カリフォルニアの本と虫

ロサンゼルス生活の日記だったけど、今は大阪にいます。

ときどき手紙を書きます

 ロサンゼルスに来てから、手紙を書くようになった。筆まめ、とは言えないがひと月に一度くらいはペンをとってみることにしている。しばしばもっと日にちが空いてしまうけど。東京で暮らしていたときはごちゃごちゃと気を引くあれこれが多く、そんな習慣はなかった。知り合いの全然いない土地に来て、時間と気持ちに隙間ができてから始めたことだ。

 なんでそんなことを始めたかというと、自分が手紙をもらったときの嬉しさを思い出したからだ。自分だけに宛てて言葉を送ってもらうというのは、内容にかかわらずとても気分が良い。手紙というのは通信手段としては言うまでもなく時代遅れのものだけど、それだけに相手が手間と時間をかけてくれたことは一瞬で伝わる。特にそれが海外からやってくるときは尚更だ。

 十代のある時期を最後に年賀状すら出さなくなったので、そんな私に誰かから手紙が来るはずもなかったが、それでもこれまでごく稀に、心のこもった手紙を書いてくれた酔狂な人がいた。自分は最近こんな感じだ、お前とはしばらく会っていないが達者なことと思う、また会う日までがんばれよ・・・そんな普通の文面が、人生の要所要所で私を支えてくれている。

 そういう感情を、今度は私が紙に字を書くだけでちょっとでも相手に渡すことができるなら、実にこんな手軽なこともあるまい。最初はアメリカでの郵便の出し方も知らなかったけれど、とにかく手元にあった絵葉書に肉親宛の近況を書きつけて、コリアタウンの郵便局に持っていった。移民の多いコリアタウンだけに、海外郵便を出す人は多いのかもしれない。窓口の係員は慣れた様子で「この宛名の書き方だと配達員が混乱するから」といって、大事な部分にマジックでアンダーラインを引いて強調してくれた。ついでに今後のため間違えられない宛名の書き方も教えてくれた。

 それからというもの、友人・家族と何度か手紙のやり取りをした。やり取りの回数はせいぜい両手で数えられるほどだが、この原始的な手段も捨てたものではないなと思っている。

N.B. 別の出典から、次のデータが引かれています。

(* Let $X$ be a set of $n$ points with similarity function $S$, suppose the target clustering $\mathcal{C}^{\ast}=\{C^{\ast}_1,\dots,C^{\ast}_k\}$ satisfies strict threshold separation with respect to $S$, and suppose the initial clustering has clustering error $\gamma$, where $\gamma$ is any natural clustering error. In the $\eta$-merge model, for any $\eta>0$, the interactive algorithm using the local split procedure and the threshold merge procedure (described below) requires at most $O(\gamma+k)\log_{\frac{1}{1-\eta}} n$ edit requests to find the target clustering.
   Context: $\mathcal{C}^{\ast}$ satisfies strict threshold separation w.r.t. $S$ if there is a threshold $t$ such that $S(x,y)>t$ whenever $x,y$ are in the same target cluster and $S(x,y)\le t$ whenever they are in different target clusters. A natural clustering error is a function $\gamma$ assigning to each clustering $\mathcal{C}$ of $X$ a nonnegative integer $\gamma(\mathcal{C},\mathcal{C}^{\ast})$ such that for every clustering $\mathcal{C}$: (1) if a cluster $C_i\in\mathcal{C}$ contains points of $C^{\ast}_j$ and of some other target cluster, replacing $C_i$ by $C_i\cap C^{\ast}_j$ and $C_i\setminus C^{\ast}_j$ strictly decreases $\gamma$; (2) if two distinct clusters of $\mathcal{C}$ contain only points from the same target cluster, replacing them by their union strictly decreases $\gamma$. Process ($\eta$-merge model): start from the initial clustering, all clusters labelled ''impure''. An oracle repeatedly issues split$(C_i)$ (only if current $C_i$ has points of two or more target clusters) or merge$(C_i,C_j)$ for distinct current clusters (only if some $C^{\ast}_l$ has $|C_i\cap C^{\ast}_l|\ge\eta|C_i|$ and $|C_j\cap C^{\ast}_l|\ge\eta|C_j|$). Local split: build the average-linkage tree of $C_i$ (leaves are singletons; repeatedly merge the two current nodes with largest average pairwise similarity, ties arbitrary) and replace $C_i$ by the two children of its root, labelled ''impure''. Threshold merge: $\eta_1=1$ if $C_i$ is ''pure'', else $\eta$; $\eta_2$ likewise. Starting from the edgeless graph on $C_i\cup C_j$, repeatedly add an edge between the not-yet-connected pair of highest similarity, stopping as soon as some connected component $N$ has $|N\cap C_i|\ge\eta_1|C_i|$ and $|N\cap C_j|\ge\eta_2|C_j|$; replace $C_i,C_j$ by $C_i\setminus N$, $C_j\setminus N$ (labels kept, empty clusters discarded) and add new cluster $N$ labelled ''pure''. The bound counts requests until the current clustering equals $\mathcal{C}^{\ast}$, for any sequence of allowed requests; $O(\cdot)$ hides an absolute constant. *)

From HB Require Import structures.
From mathcomp Require Import all_boot all_order all_algebra.
From mathcomp Require Import reals exp.
Set Implicit Arguments. Unset Strict Implicit. Unset Printing Implicit Defensive.
Import Order.TTheory GRing.Theory Num.Theory.
Local Open Scope ring_scope.

Section Clustering.
Variables (R : realType) (T : finType).

(* A clustering of X = T: a partition of the whole ground set (no empty blocks). *)
Definition clustering (C : {set {set T}}) : Prop := partition C [set: T].

Definition strict_threshold_separation (S : T -> T -> R) (Cstar : {set {set T}}) :=
  exists t : R,
    (forall x y, (exists2 D, D \in Cstar & (x \in D) && (y \in D)) -> S x y > t) /\
    (forall x y, ~ (exists2 D, D \in Cstar & (x \in D) && (y \in D)) -> S x y <= t).

Definition natural_clustering_error (Cstar : {set {set T}})
    (gamma : {set {set T}} -> nat) : Prop :=
  (forall C, clustering C ->
     forall Ci Cj, Ci \in C -> Cj \in Cstar ->
       Ci :&: Cj != set0 -> Ci :\: Cj != set0 ->
       (gamma ((C :\ Ci) :|: [set Ci :&: Cj; Ci :\: Cj]) < gamma C)%N) /\
  (forall C, clustering C ->
     forall Ci Cj Cl, Ci \in C -> Cj \in C -> Ci != Cj -> Cl \in Cstar ->
       Ci \subset Cl -> Cj \subset Cl ->
       (gamma ((C :\ Ci :\ Cj) :|: [set Ci :|: Cj]) < gamma C)%N).

Definition avg_sim (S : T -> T -> R) (A B : {set T}) : R :=
  (\sum_(x in A) \sum_(y in B) S x y) / (#|A| * #|B|)%:R.

Definition al_step (S : T -> T -> R) (Q Q' : {set {set T}}) : Prop :=
  exists A B, [/\ A \in Q, B \in Q, A != B,
    (forall A' B', A' \in Q -> B' \in Q -> A' != B' ->
        avg_sim S A' B' <= avg_sim S A B) &
    Q' = (Q :\ A :\ B) :|: [set A :|: B]].

Inductive al_reach (S : T -> T -> R) (D : {set T}) : {set {set T}} -> Prop :=
  | al_start : al_reach S D [set [set x] | x in D]
  | al_next Q Q' : al_reach S D Q -> al_step S Q Q' -> al_reach S D Q'.

(* (A, B) are the two children of the root of some average-linkage tree of D. *)
Definition local_split (S : T -> T -> R) (D A B : {set T}) : Prop :=
  A != B /\ al_reach S D [set A; B].

(* Threshold-merge graph process on U = Ci :|: Cj. Edges stored as ordered
   pairs, read symmetrically. *)
Definition edge_rel (E : {set T * T}) : rel T :=
  fun a b => ((a, b) \in E) || ((b, a) \in E).

Definition component (E : {set T * T}) (x : T) : {set T} :=
  [set y | connect (edge_rel E) x y].

Definition tm_stop (eta1 eta2 : R) (Ci Cj : {set T}) (E : {set T * T})
    (N : {set T}) : Prop :=
  (exists2 x, x \in Ci :|: Cj & N = component E x) /\
  eta1 * #|Ci|%:R <= #|N :&: Ci|%:R /\ eta2 * #|Cj|%:R <= #|N :&: Cj|%:R.

Definition tm_step (S : T -> T -> R) (U : {set T}) (E E' : {set T * T}) : Prop :=
  exists x y, [/\ x \in U, y \in U, x != y, ~~ edge_rel E x y &
    (forall x' y', x' \in U -> y' \in U -> x' != y' -> ~~ edge_rel E x' y' ->
        S x' y' <= S x y)] /\
    E' = (x, y) |: E.

Inductive tm_reach (S : T -> T -> R) (eta1 eta2 : R) (Ci Cj : {set T})
    : {set T * T} -> Prop :=
  | tm_start : tm_reach S eta1 eta2 Ci Cj set0
  | tm_next E E' : tm_reach S eta1 eta2 Ci Cj E ->
      (forall N, ~ tm_stop eta1 eta2 Ci Cj E N) ->
      tm_step S (Ci :|: Cj) E E' -> tm_reach S eta1 eta2 Ci Cj E'.

Definition threshold_merge (S : T -> T -> R) (eta1 eta2 : R)
    (Ci Cj N : {set T}) : Prop :=
  exists2 E, tm_reach S eta1 eta2 Ci Cj E & tm_stop eta1 eta2 Ci Cj E N.

(* State of the process: current clusters, and those labelled "pure". *)
Definition state := ({set {set T}} * {set {set T}})%type.

Definition impure_wrt (Cstar : {set {set T}}) (D : {set T}) : Prop :=
  exists D1 D2, [/\ D1 \in Cstar, D2 \in Cstar, D1 != D2,
                    D :&: D1 != set0 & D :&: D2 != set0].

(* One edit request (split or merge, as allowed in the eta-merge model)
   followed by the corresponding algorithm update. *)
Definition step (S : T -> T -> R) (Cstar : {set {set T}}) (eta : R)
    (s s' : state) : Prop :=
  let: (P, Pu) := s in
  (exists Ci A B, [/\ Ci \in P, impure_wrt Cstar Ci, local_split S Ci A B &
      s' = ((P :\ Ci) :|: [set A; B], Pu :\ Ci :\ A :\ B)]) \/
  (exists Ci Cj N, [/\ Ci \in P, Cj \in P & Ci != Cj] /\ [/\
      (exists2 Cl, Cl \in Cstar & eta * #|Ci|%:R <= #|Ci :&: Cl|%:R /\
                                  eta * #|Cj|%:R <= #|Cj :&: Cl|%:R),
      threshold_merge S (if Ci \in Pu then 1 else eta)
                        (if Cj \in Pu then 1 else eta) Ci Cj N &
      s' = (((P :\ Ci :\ Cj) :|: [set Ci :\: N; Cj :\: N; N]) :\ set0,
            ((Pu :\ Ci :\ Cj) :|: [set N]
               :|: (if Ci \in Pu then [set Ci :\: N] else set0)
               :|: (if Cj \in Pu then [set Cj :\: N] else set0)) :\ set0)]).

(* log_{1/(1-eta)} n, taken to be 0 when eta >= 1 (infinite base). *)
Definition log_factor (eta : R) (n : nat) : R :=
  if eta < 1 then ln (n%:R) / ln ((1 - eta)^-1) else 0.

End Clustering.

(* The number of requests is bounded by a potential that every request lowers
   by at least one.  Let [meets X] be the set of target clusters met by X,
   [budget X = 1 + log_{1/(1-eta)} |X|] and [K = 1 + max 1 (log_{1/(1-eta)} n)];
   the potential is
     2 * (sum of the budgets of the clusters not labelled pure)
     + (number of pure labels) + (2K + 1) * (sum over clusters of |meets X| - 1).
   Under strict threshold separation, average linkage on an impure cluster keeps
   all its nodes pure until it first joins two target clusters, and from then on
   its nodes meet pairwise disjoint sets of target clusters; hence the two
   children of the root meet at most as many target clusters as their parent,
   the last sum drops by one and pays for the (at most 2K) budget of the new
   clusters.  Threshold merge adds only edges inside target clusters before it
   stops, so the new cluster N is pure; it takes an eta-fraction of an
   impure-labelled side, whose budget then drops by one, and all of a
   pure-labelled side, whose label disappears.  Initially the potential is at
   most (2K + 1) * sum |meets X|, and a natural clustering error gamma satisfies
   2 * sum |meets X| <= gamma + k + |C| (induct on gamma, fixing one error). *)

From HB Require Import structures.
From mathcomp Require Import all_boot all_order all_algebra.
From mathcomp Require Import reals exp.
From mathcomp Require Import zify lra.
Set Implicit Arguments. Unset Strict Implicit. Unset Printing Implicit Defensive.
Import Order.TTheory GRing.Theory Num.Theory.
Local Open Scope ring_scope.
(* Let $n\in\mathbb N$, $\varepsilon,h,d>0$, $q\in(0,1)$. Let $\bar u\in(q,1)$ be a root of $g(u):=u(1-u)(u+q)-\varepsilon hq(u-q)$, and set $S:=(q,\bar u)^2\subset\mathbb R^2$. Let $u_0,v_0\in BUC(\mathbb R^n)$ with $(u_0(x),v_0(x))\in S$ for all $x\in\mathbb R^n$, and let $(u,v)$ be the time-global non-negative classical solution of (BZ) with these initial data. Then $(u(x,t),v(x,t))\in S$ for all $x\in\mathbb R^n$ and all $t>0$.
   Context: $BUC(\mathbb R^n)$ denotes the bounded uniformly continuous functions on $\mathbb R^n$ with the sup norm. (BZ) is the system $\partial_t u=\Delta u+\frac1\varepsilon u(1-u)-hv\frac{u-q}{u+q}$, $\partial_t v=d\Delta v-v+u$ in $\mathbb R^n\times(0,\infty)$, $u|_{t=0}=u_0$, $v|_{t=0}=v_0$. For non-negative $u_0,v_0\in BUC$ there is a unique global non-negative classical solution $(u,v)\in C([0,\infty);BUC(\mathbb R^n))^2$ ($C^1$ in $t$, $C^2$ in $x$ for $t>0$). *)

From Stdlib Require Import Reals.
From Stdlib Require Fin.
Open Scope R_scope.

Definition pt (n : nat) : Type := Fin.t n -> R.

Definition upd {n : nat} (x : pt n) (i : Fin.t n) (s : R) : pt n :=
  fun j => if Fin.eq_dec j i then s else x j.

Fixpoint sumFin (n : nat) : (Fin.t n -> R) -> R :=
  match n with
  | O => fun _ => 0
  | S m => fun f => f Fin.F1 + sumFin m (fun i => f (Fin.FS i))
  end.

 当たり前のこととして、手紙は「時間のかかる」ものであると同時に「時間をかける」ものでもある。まず葉書や便箋を買わなければいけない。巨大ネット企業が跋扈するアメリカでも、カードを贈り合う文化はまだまだ根強く、いろいろなところでレター関連商品を売っている。私は本屋が好きなので、文具コーナーでセンスの良いものを見るとつい買ってしまう。また、国立公園のビジターセンターなどにも結構いかしたポストカードが置いてあり、こういうのもちょこちょこ買ってしまう。結局出すより買うほうが多くて溜まってしまうのだが、本屋巡りやハイキングという自分のための趣味に、手紙を出す相手のことを考える時間が入り込んでくるのがなんだか心地よいと思っている。

 いざ書くとなっても、メールやテキストメッセージに比べて格段に時間がかかる。あらかじめ書くことを考えていたとしても、なんだかんだで三十分くらいは紙に向かっている。溜まったレターセット類からどれにしようか選んだり、筆が止まってソファに逃げたりしている時間を入れれば、結構な時間、一人の宛先のことを考えている。時間が際限なく細切れにされている現代、こんな時間の使い方はなかなかできないことだ。自分がその人にどんな言葉を発したいのか、発するべきなのか、じっと考えるとても貴重な機会になっている。逆に普段はそこまで考えず雑に言葉をやり取りしている、ということでもある。

 相手が多忙であろうが病で臥せっていようが、好きなタイミングで一方的に出しているので、いつも返事は期待していない。が、やはり返事が来るととても嬉しい。たまーーーに泣くこともある。

 手紙というのはどう考えても面倒くさい行為であり、長く続けるかどうかは分からない。住所を知らせあっている間柄も今や非常に少ない。けれども当面、少なくとも海外赴任している間だけは、ときどき思い出したようにやっていきたい。